There was a separate issue with DracoPy 0.0.18 affecting the integrity of the mesh faces. Now fixed in 0.0.19, so please use that version instead.

schlegelp commented 3 years ago

Hi! Sorry for the delay. I actually have some issues getting cloudvolume to work on Deepnote again but that seems to be a problem with some Google libraries.

However, there still is something awry with DracoPy. See this example using the hemibrain meshes.

>>> import cloudvolume as cv 
>>> vol = cv.CloudVolume('precomputed://gs://neuroglancer-janelia-flyem-hemibrain/v1.2/segmentation', use_https=True)
>>> mesh = vol.mesh.get(204962969, lod=2)[204962969]

With DracoPy==0.0.15

Screenshot 2021-04-02 at 14 22 54

With DracoPy==0.0.19

Screenshot 2021-04-02 at 14 24 24

This is on my Laptop (OSX 10.14.6), Python 3.7.5 and cloudvolume 3.9.0

manuel-castro commented 3 years ago

Thanks for the report.
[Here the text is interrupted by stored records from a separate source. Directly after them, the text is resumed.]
(* Let $\Gamma$ be a $\Bbbk$-algebra and $\sim$ an equivalence relation on $\mathrm{cfs}(\Gamma)$. If $V$ is a strong block module, then for each $B\in\mathrm{cfs}(\Gamma)/{\sim}$ there is a decomposition of $\Gamma$-modules $V=V(B)\oplus V'$ where $\mathfrak mV'=V'$ for all $\mathfrak m\in\mathcal W(B)$ and $\mathfrak mV(B)=0$ for some $\mathfrak m\in\mathcal W(B)$.
   Context: $\mathrm{cfs}(\Gamma)$: maximal two-sided ideals $\mathfrak m$ of $\Gamma$ with $\dim\Gamma/\mathfrak m<\infty$. For a class $B$, $\mathcal W(B)=\{\mathfrak m_1\cdots\mathfrak m_k:k\ge0,\mathfrak m_i\in B\}$; for a $\Gamma$-module $V$, $V(B)=\{v:\mathfrak mv=0$ for some $\mathfrak m\in\mathcal W(B)\}$. $V$ is a strong block module if $V=\bigoplus_BV(B)$ and for each $B$ there is $\mathfrak m\in\mathcal W(B)$ with $\mathfrak mV(B)=0$. *)

From mathcomp Require Import all_boot all_algebra.
From Stdlib Require List.
Set Implicit Arguments. Unset Strict Implicit. Unset Printing Implicit Defensive.
Import GRing.Theory.
Local Open Scope ring_scope.

Section Defs.
Variables (k : fieldType) (G : algType k).

Definition ideal2 (I : G -> Prop) : Prop :=
  [/\ I 0, (forall x y, I x -> I y -> I (x + y)),
      (forall a x, I x -> I (a * x)) & (forall a x, I x -> I (x * a))].

Definition max_ideal2 (m : G -> Prop) : Prop :=
  [/\ ideal2 m, (exists x, ~ m x) &
      (forall J, ideal2 J -> (forall x, m x -> J x) -> (exists x, ~ J x) ->
         forall x, J x -> m x)].

(* dim_k (G / m) < oo : finitely many elements span G modulo m *)
Definition fin_codim (m : G -> Prop) : Prop :=
  exists n (b : 'I_n -> G), forall x, exists c : 'I_n -> k,
    m (x - \sum_(i < n) c i *: b i).

Definition cfs (m : G -> Prop) : Prop := max_ideal2 m /\ fin_codim m.

Definition prodI (I J : G -> Prop) : G -> Prop :=
  fun x => exists s : seq (G * G),
    (forall p, p \in s -> I p.1 /\ J p.2) /\ x = \sum_(p <- s) p.1 * p.2.

Definition prodl (ms : seq (G -> Prop)) : G -> Prop :=
  foldr prodI (fun _ => True) ms.

Definition cls (R : (G -> Prop) -> (G -> Prop) -> Prop) (m0 : G -> Prop)
  : (G -> Prop) -> Prop := fun m => cfs m /\ R m0 m.

(* "m in W(B)" is rendered as: m = prodl ms with List.Forall B ms *)

Variable V : lmodType G.

Definition submod (U : V -> Prop) : Prop :=
  [/\ U 0, (forall u v, U u -> U v -> U (u + v)) & (forall a u, U u -> U (a *: u))].

Definition ann (I : G -> Prop) (U : V -> Prop) : Prop :=
  forall a u, I a -> U u -> a *: u = 0.

Definition smul (I : G -> Prop) (U : V -> Prop) : V -> Prop :=
  fun w => exists s : seq (G * V),
    (forall p, p \in s -> I p.1 /\ U p.2) /\ w = \sum_(p <- s) p.1 *: p.2.

Definition Vblk (B : (G -> Prop) -> Prop) : V -> Prop :=
  fun v => exists ms, List.Forall B ms /\ ann (prodl ms) (eq v).

(* V is a strong block module for the equivalence relation R on cfs(G):
   V = (+)_B V(B) (every v is a finite sum of elements of V(B)'s for distinct
   classes B, and such sums are direct), and each V(B) is killed by some
   element of W(B). Classes B are given by representatives m0 in cfs(G). *)
Definition strong_block (R : (G -> Prop) -> (G -> Prop) -> Prop) : Prop :=
  [/\ (forall v, exists n (r : 'I_n -> G -> Prop) (w : 'I_n -> V),
         [/\ forall i, cfs (r i),
             forall i j, i != j -> ~ R (r i) (r j),
             forall i, Vblk (cls R (r i)) (w i) &
             v = \sum_(i < n) w i]),
      (forall n (r : 'I_n -> G -> Prop) (w : 'I_n -> V),
         (forall i, cfs (r i)) -> (forall i j, i != j -> ~ R (r i) (r j)) ->
         (forall i, Vblk (cls R (r i)) (w i)) ->
         \sum_(i < n) w i = 0 -> forall i, w i = 0) &
      (forall m0, cfs m0 -> exists ms, List.Forall (cls R m0) ms /\
         ann (prodl ms) (Vblk (cls R m0)))].

End Defs.

From mathcomp Require Import all_boot all_algebra.
From Stdlib Require List.
From Stdlib Require Import Classical_Prop FunctionalExtensionality PropExtensionality.
Set Implicit Arguments. Unset Strict Implicit. Unset Printing Implicit Defensive.
Import GRing.Theory.
Local Open Scope ring_scope.

(* Take for V' the sum of the blocks V(B') with B' <> B.  Distinct maximal
   ideals are comaximal, hence so are any element of W(B) and any element of
   W(B'); since V(B') is killed by an element of W(B'), every v in V' satisfies
   a v = v for some a in a prescribed m in W(B).  This gives both m V' = V' and
   V(B) ∩ V' = 0 (take m killing V(B)), while V = V(B) + V' is the block
   decomposition of V with the summands sorted according to their class. *)

Section Ideals.
Variables (k : fieldType) (G : algType k).
Implicit Types I J K m : G -> Prop.

Definition comax I J := exists a b, [/\ I a, J b & a + b = 1].

Definition addI I J : G -> Prop := fun x => exists a b, [/\ I a, J b & x = a + b].

Lemma comaxC I J : comax I J -> comax J I.
Proof. by case=> a [b [Ia Jb ab1]]; exists b, a; rewrite addrC. Qed.

Lemma ideal2_addI I J : ideal2 I -> ideal2 J -> ideal2 (addI I J).
Proof.
case=> I0 ID IL IR [J0 JD JL JR]; split.
- by exists 0, 0; rewrite addr0.
- move=> _ _ [a [b [Ia Jb ->]]] [a' [b' [Ia' Jb' ->]]].
  by exists (a + a'), (b + b'); rewrite addrACA; split; [exact: ID | exact: JD |].
- move=> c _ [a [b [Ia Jb ->]]].
  by exists (c * a), (c * b); rewrite mulrDr; split; [exact: IL | exact: JL |].
- move=> c _ [a [b [Ia Jb ->]]].
  by exists (a * c), (b * c); rewrite mulrDl; split; [exact: IR | exact: JR |].
Qed.

Lemma ideal2_prodI I J : ideal2 I -> ideal2 J -> ideal2 (prodI I J).
Proof.
case=> I0 ID IL IR [J0 JD JL JR]; split.
- by exists [::]; rewrite big_nil.
- move=> _ _ [s [Hs ->]] [s' [Hs' ->]]; exists (s ++ s'); rewrite big_cat.
  by split=> // p; rewrite mem_cat => /orP[/Hs|/Hs'].
- move=> a _ [s [Hs ->]]; exists [seq (a * p.1, p.2) | p <- s]; split.
    by move=> _ /mapP[p /Hs[Ip Jp] ->]; split=> //; exact: IL.
  by rewrite big_map mulr_sumr; apply: eq_bigr => p _; rewrite mulrA.
- move=> a _ [s [Hs ->]]; exists [seq (p.1, p.2 * a) | p <- s]; split.
    by move=> _ /mapP[p /Hs[Ip Jp] ->]; split=> //; exact: JR.
  by rewrite big_map mulr_suml; apply: eq_bigr => p _; rewrite mulrA.
Qed.

Lemma ideal2_prodl (B : (G -> Prop) -> Prop) ms :
  (forall m, B m -> ideal2 m) -> List.Forall B ms -> ideal2 (prodl ms).
Proof.
move=> idealB; elim=> [|m {}ms Bm _ IHms] /=; first by split.
exact: ideal2_prodI (idealB m Bm) IHms.
Qed.

(* If the maximal ideals were not comaximal, m + m' would be a proper ideal,
   forcing m' <= m and then m <= m'. *)
Lemma max_ideal2_comax m m' :
  max_ideal2 m -> max_ideal2 m' -> ~ comax m m' -> m = m'.
Proof.
case=> Im m_proper max_m [Im' _ max_m'] not_comax.
have m'_sub_m x : m' x -> m x.
  move=> m'x; apply: (max_m _ (ideal2_addI Im Im')).
  - by move=> y my; exists y, 0; rewrite addr0; split=> //; case: Im'.
  - by exists 1 => -[a [b [ma m'b ab1]]]; apply: not_comax; exists a, b.
  - by exists 0, x; rewrite add0r; split=> //; case: Im.
apply: functional_extensionality => x; apply: propositional_extensionality.
by split; [exact: max_m' Im m'_sub_m m_proper x | exact: m'_sub_m].
Qed.

(* From a + b = 1 and a' + c = 1: the I-part collects every term containing a or a'. *)
Lemma comax_prodI I J K : ideal2 I -> comax I J -> comax I K -> comax I (prodI J K).
Proof.
case=> _ ID IL IR [a [b [Ia Jb ab1]]] [a' [c [Ia' Kc a'c1]]].
exists (a * (a' + c) + b * a'), (b * c); split.
- by apply: ID; [exact: IR | exact: IL].
- by exists [:: (b, c)]; rewrite big_seq1; split=> // p; rewrite inE => /eqP->.
- by rewrite -addrA -mulrDr -mulrDl ab1 mul1r a'c1.
Qed.

Lemma comax_prodl I (B : (G -> Prop) -> Prop) ms :
  ideal2 I -> (forall m, B m -> comax I m) -> List.Forall B ms -> comax I (prodl ms).
Proof.
move=> II comaxB; elim=> [|m {}ms Bm _ IHms] /=.
  by exists 0, 1; rewrite add0r; split=> //; case: II.
exact: comax_prodI II (comaxB m Bm) IHms.
Qed.

Lemma comax_prodl2 (B B' : (G -> Prop) -> Prop) ms ms' :
  (forall m, B m -> ideal2 m) -> (forall m, B' m -> ideal2 m) ->
  (forall m m', B m -> B' m' -> comax m m') ->
  List.Forall B ms -> List.Forall B' ms' -> comax (prodl ms) (prodl ms').
Proof.
move=> idealB idealB' comaxBB' Bms B'ms'; apply: comaxC.
apply: comax_prodl (ideal2_prodl idealB' B'ms') _ Bms => m Bm; apply: comaxC.
exact: comax_prodl (idealB m Bm) (fun m' => comaxBB' m m' Bm) B'ms'.
Qed.

End Ideals.

Section Modules.
Variables (k : fieldType) (G : algType k) (V : lmodType G).
Implicit Types (I J : G -> Prop) (U P : V -> Prop) (B : (G -> Prop) -> Prop).

Definition fixed_by I (v : V) := exists a, I a /\ a *: v = v.

Definition span P : V -> Prop :=
  fun v => exists s : seq V, (forall w, w \in s -> P w) /\ v = \sum_(w <- s) w.

Lemma span_sub P v : P v -> span P v.
Proof. by exists [:: v]; rewrite big_seq1; split=> // w; rewrite inE => /eqP->. Qed.

Lemma submod_span P : (forall a u, P u -> P (a *: u)) -> submod (span P).
Proof.
move=> scaleP; split.
- by exists [::]; rewrite big_nil.
- move=> _ _ [s [Ps ->]] [s' [Ps' ->]]; exists (s ++ s'); rewrite big_cat.
  by split=> // w; rewrite mem_cat => /orP[/Ps|/Ps'].
- move=> a _ [s [Ps ->]]; exists [seq a *: w | w <- s]; rewrite big_map scaler_sumr.
  by split=> // _ /mapP[w /Ps Pw ->]; exact: scaleP.
Qed.

Lemma submod_smul I U v : submod U -> smul I U v -> U v.
Proof.
case=> U0 UD UZ [s [Us ->]]; rewrite big_seq.
by apply: big_ind => // p /Us[_ Up]; exact: UZ.
Qed.

Lemma smul_fixed_by I U v : U v -> fixed_by I v -> smul I U v.
Proof.
move=> Uv [a [Ia av]]; exists [:: (a, v)]; rewrite big_seq1 av.
by split=> // p; rewrite inE => /eqP->.
Qed.

(* With a1 + b1 = 1 (a1 in I, b1 in J) and a' v = v, the element
   a1 + b1 a' = 1 - b1 (1 - a') of I fixes u + v, as J kills (1 - a') u. *)
Lemma fixed_by_addl I J U u v : ideal2 I -> submod U -> ann J U -> comax I J ->
  U u -> fixed_by I v -> fixed_by I (u + v).
Proof.
case=> _ ID IL _ [_ _ UZ] annJU [a1 [b1 [Ia1 Jb1 ab1]]] Uu [a' [Ia' a'v]].
have kill : b1 *: ((1 - a') *: (u + v)) = 0.
  rewrite scalerDr [X in _ + X]scalerBl scale1r a'v subrr addr0.
  exact: annJU (UZ _ _ Uu).
exists (a1 + b1 * a'); split; first by apply: ID => //; exact: IL.
have -> : a1 + b1 * a' = 1 - b1 * (1 - a').
  by rewrite mulrBr mulr1 opprB -ab1 addrCA addrK addrC.
by rewrite scalerBl scale1r -scalerA kill subr0.
Qed.

Lemma fixed_by_span I P v : ideal2 I ->
  (forall u, P u -> exists U J, [/\ submod U, ann J U, comax I J & U u]) ->
  span P v -> fixed_by I v.
Proof.
move=> II blockP [s [Ps ->]]; rewrite big_seq; apply: big_rec.
  by exists 0; rewrite scaler0; split=> //; case: II.
move=> u w /Ps/blockP[U [J [subU annJU comaxIJ Uu]]].
exact: fixed_by_addl II subU annJU comaxIJ Uu.
Qed.

Lemma Vblk_sub B B' v : (forall m, B m -> B' m) -> Vblk B v -> @Vblk _ _ V B' v.
Proof. by move=> subB [ms [Bms annv]]; exists ms; split=> //; exact: List.Forall_impl Bms. Qed.

Lemma submod_Vblk B ms : (forall m, B m -> ideal2 m) -> List.Forall B ms ->
  ann (prodl ms) (@Vblk _ _ V B) -> submod (@Vblk _ _ V B).
Proof.
move=> idealB Bms annB; have [_ _ _ IR] := ideal2_prodl idealB Bms; split.
- by exists [::]; split=> // a _ _ <-; rewrite scaler0.
- move=> u w Bu Bw; exists ms; split=> // a _ Ia <-.
  by rewrite scalerDr !(annB a) ?addr0.
- move=> a u Bu; exists ms; split=> // x _ Ix <-.
  by rewrite scalerA; apply: annB Bu; exact: IR.
Qed.

End Modules.

Section Blocks.
Variables (k : fieldType) (G : algType k) (V : lmodType G).
Variable R : (G -> Prop) -> (G -> Prop) -> Prop.
Hypothesis Rsym : forall m m', cfs m -> cfs m' -> R m m' -> R m' m.
Hypothesis Rtrans : forall m1 m2 m3, cfs m1 -> cfs m2 -> cfs m3 ->
  R m1 m2 -> R m2 m3 -> R m1 m3.
Hypothesis Vblk_ann : forall c, cfs c -> exists ms,
  List.Forall (cls R c) ms /\ ann (prodl ms) (@Vblk _ _ V (cls R c)).
Variables (m0 : G -> Prop) (cfs_m0 : cfs m0).

Definition other_blocks : V -> Prop :=
  span (fun w => exists c, [/\ cfs c, ~ R m0 c & Vblk (cls R c) w]).

Lemma ideal2_cls c m : cls R c m -> ideal2 m.
Proof. by case=> [[[]]]. Qed.

Lemma submod_Vblk_cls c : cfs c -> submod (@Vblk _ _ V (cls R c)).
Proof.
move=> cfs_c; have [ms [Bms annB]] := Vblk_ann cfs_c.
exact: submod_Vblk (@ideal2_cls c) Bms annB.
Qed.

Lemma cls_trans c m : cfs c -> R m0 c -> cls R c m -> cls R m0 m.
Proof. by move=> cfs_c Rm0c [cfs_m Rcm]; split=> //; exact: Rtrans Rm0c Rcm. Qed.

Lemma comax_cls c ms ms' : cfs c -> ~ R m0 c ->
  List.Forall (cls R m0) ms -> List.Forall (cls R c) ms' -> comax (prodl ms) (prodl ms').
Proof.
move=> cfs_c not_Rm0c; apply: comax_prodl2 (@ideal2_cls m0) (@ideal2_cls c) _.
move=> m m' [cfs_m Rm0m] [cfs_m' Rcm']; apply: NNPP => not_comax.
move: Rcm'; rewrite -(max_ideal2_comax cfs_m.1 cfs_m'.1 not_comax) => Rcm.
by apply: not_Rm0c; exact: Rtrans Rm0m (Rsym cfs_c cfs_m Rcm).
Qed.

Lemma submod_other_blocks : submod other_blocks.
Proof.
apply: submod_span => a u [c [cfs_c not_Rm0c Bu]]; exists c; split=> //.
by have [_ _ ZB] := submod_Vblk_cls cfs_c; exact: ZB.
Qed.

Lemma fixed_by_other_blocks ms v :
  List.Forall (cls R m0) ms -> other_blocks v -> fixed_by (prodl ms) v.
Proof.
move=> Bms; apply: fixed_by_span (ideal2_prodl (@ideal2_cls m0) Bms) _.
move=> u [c [cfs_c not_Rm0c Bu]]; have [ms' [B'ms' annB']] := Vblk_ann cfs_c.
exists (Vblk (cls R c)), (prodl ms'); split=> //; first exact: submod_Vblk_cls.
exact: comax_cls not_Rm0c Bms B'ms'.
Qed.

Lemma Vblk_add_other_blocks n (r : 'I_n -> G -> Prop) (w : 'I_n -> V) :
  (forall i, cfs (r i)) -> (forall i, Vblk (cls R (r i)) (w i)) ->
  exists a b, [/\ Vblk (cls R m0) a, other_blocks b & \sum_(i < n) w i = a + b].
Proof.
move=> cfs_r Bw; have [B0 BD _] := submod_Vblk_cls cfs_m0.
have [O0 OD _] := submod_other_blocks.
apply: (big_ind (fun v => exists a b, [/\ Vblk (cls R m0) a, other_blocks b & v = a + b])).
- by exists 0, 0; rewrite addr0.
- move=> _ _ [a [b [Ba Ob ->]]] [a' [b' [Ba' Ob' ->]]].
  by exists (a + a'), (b + b'); rewrite addrACA; split; [exact: BD | exact: OD |].
- move=> i _; have [Rm0ri | not_Rm0ri] := classic (R m0 (r i)).
  + exists (w i), 0; rewrite addr0; split=> //.
    by apply: Vblk_sub (Bw i) => m; exact: cls_trans (cfs_r i) Rm0ri.
  + by exists 0, (w i); rewrite add0r; split=> //; apply: span_sub; exists (r i).
Qed.

End Blocks.

Theorem mainTheorem17 (k : fieldType) (G : algType k)
  (R : (G -> Prop) -> (G -> Prop) -> Prop)
  (Rrefl : forall m, cfs m -> R m m)
  (Rsym : forall m m', cfs m -> cfs m' -> R m m' -> R m' m)
  (Rtrans : forall m1 m2 m3, cfs m1 -> cfs m2 -> cfs m3 ->
              R m1 m2 -> R m2 m3 -> R m1 m3)
  (V : lmodType G) :
  strong_block V R ->
  forall m0 : G -> Prop, cfs m0 ->
  exists V' : V -> Prop,
    [/\ submod (@Vblk _ _ V (cls R m0)) /\ submod V',
        (forall v, exists a b, [/\ @Vblk _ _ V (cls R m0) a, V' b & v = a + b]),
        (forall v, @Vblk _ _ V (cls R m0) v -> V' v -> v = 0),
        (forall ms, List.Forall (cls R m0) ms ->
           forall v, V' v <-> smul (prodl ms) V' v) &
        (exists ms, List.Forall (cls R m0) ms /\
           ann (prodl ms) (@Vblk _ _ V (cls R m0)))].
Proof.
move=> [decomp _ Vblk_ann] m0 cfs_m0.
have fixedV' := fixed_by_other_blocks Rsym Rtrans Vblk_ann cfs_m0.
exists (other_blocks R m0); split.
- by split; [exact: submod_Vblk_cls | exact: submod_other_blocks].
- move=> v; have [n [r [w [cfs_r _ Bw ->]]]] := decomp v.
  by have := Vblk_add_other_blocks Rtrans Vblk_ann cfs_m0 cfs_r Bw.
- move=> v Bv V'v; have [ms0 [Bms0 annB]] := Vblk_ann m0 cfs_m0.
  have [a [Ia av]] := fixedV' _ _ Bms0 V'v.
  by rewrite -av (annB a v).
- move=> ms Bms v; split; last exact: submod_smul (submod_other_blocks Vblk_ann m0).
  by move=> V'v; exact: smul_fixed_by V'v (fixedV' _ _ Bms V'v).
- exact: Vblk_ann.
Qed.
I'll look into this new issue.

manuel-castro commented 3 years ago

Hey, sorry for the delay. I've looked into this and I can confirm my results from March 22nd. DracoPy 0.0.19 is performing correctly here. I confirmed this by passing the binary mesh data into Google's official draco decoder, and getting the same result as passing it through DracoPy.

I am not familiar with the multilod code so I am not sure why it worked with DracoPy 0.0.15. I did notice however that if I comment out line 133 mesh.vertices = mesh.vertices.view(dtype=np.int32) from multilod.py I get a much more sensible looking result. I recall something about Jeremy using his own Draco format for Neuroglancer and this line seems to relate to that -- maybe this is the reason for the incongruity, as DracoPy does not use a custom Draco format.

william-silversmith commented 3 years ago

Iirc Jeremy's draco modifications had something to do with integer-only calculations.

manuel-castro commented 3 years ago

@schlegelp When you get a chance, could you please check whether CloudVolume 3.11.0 fixes the issue on your end?

schlegelp commented 3 years ago

Hi @manuel-castro. 3.11.0 fixes the issue and meshes now look as expected on both my local machine and on DeepNote. Thanks for all the detective work!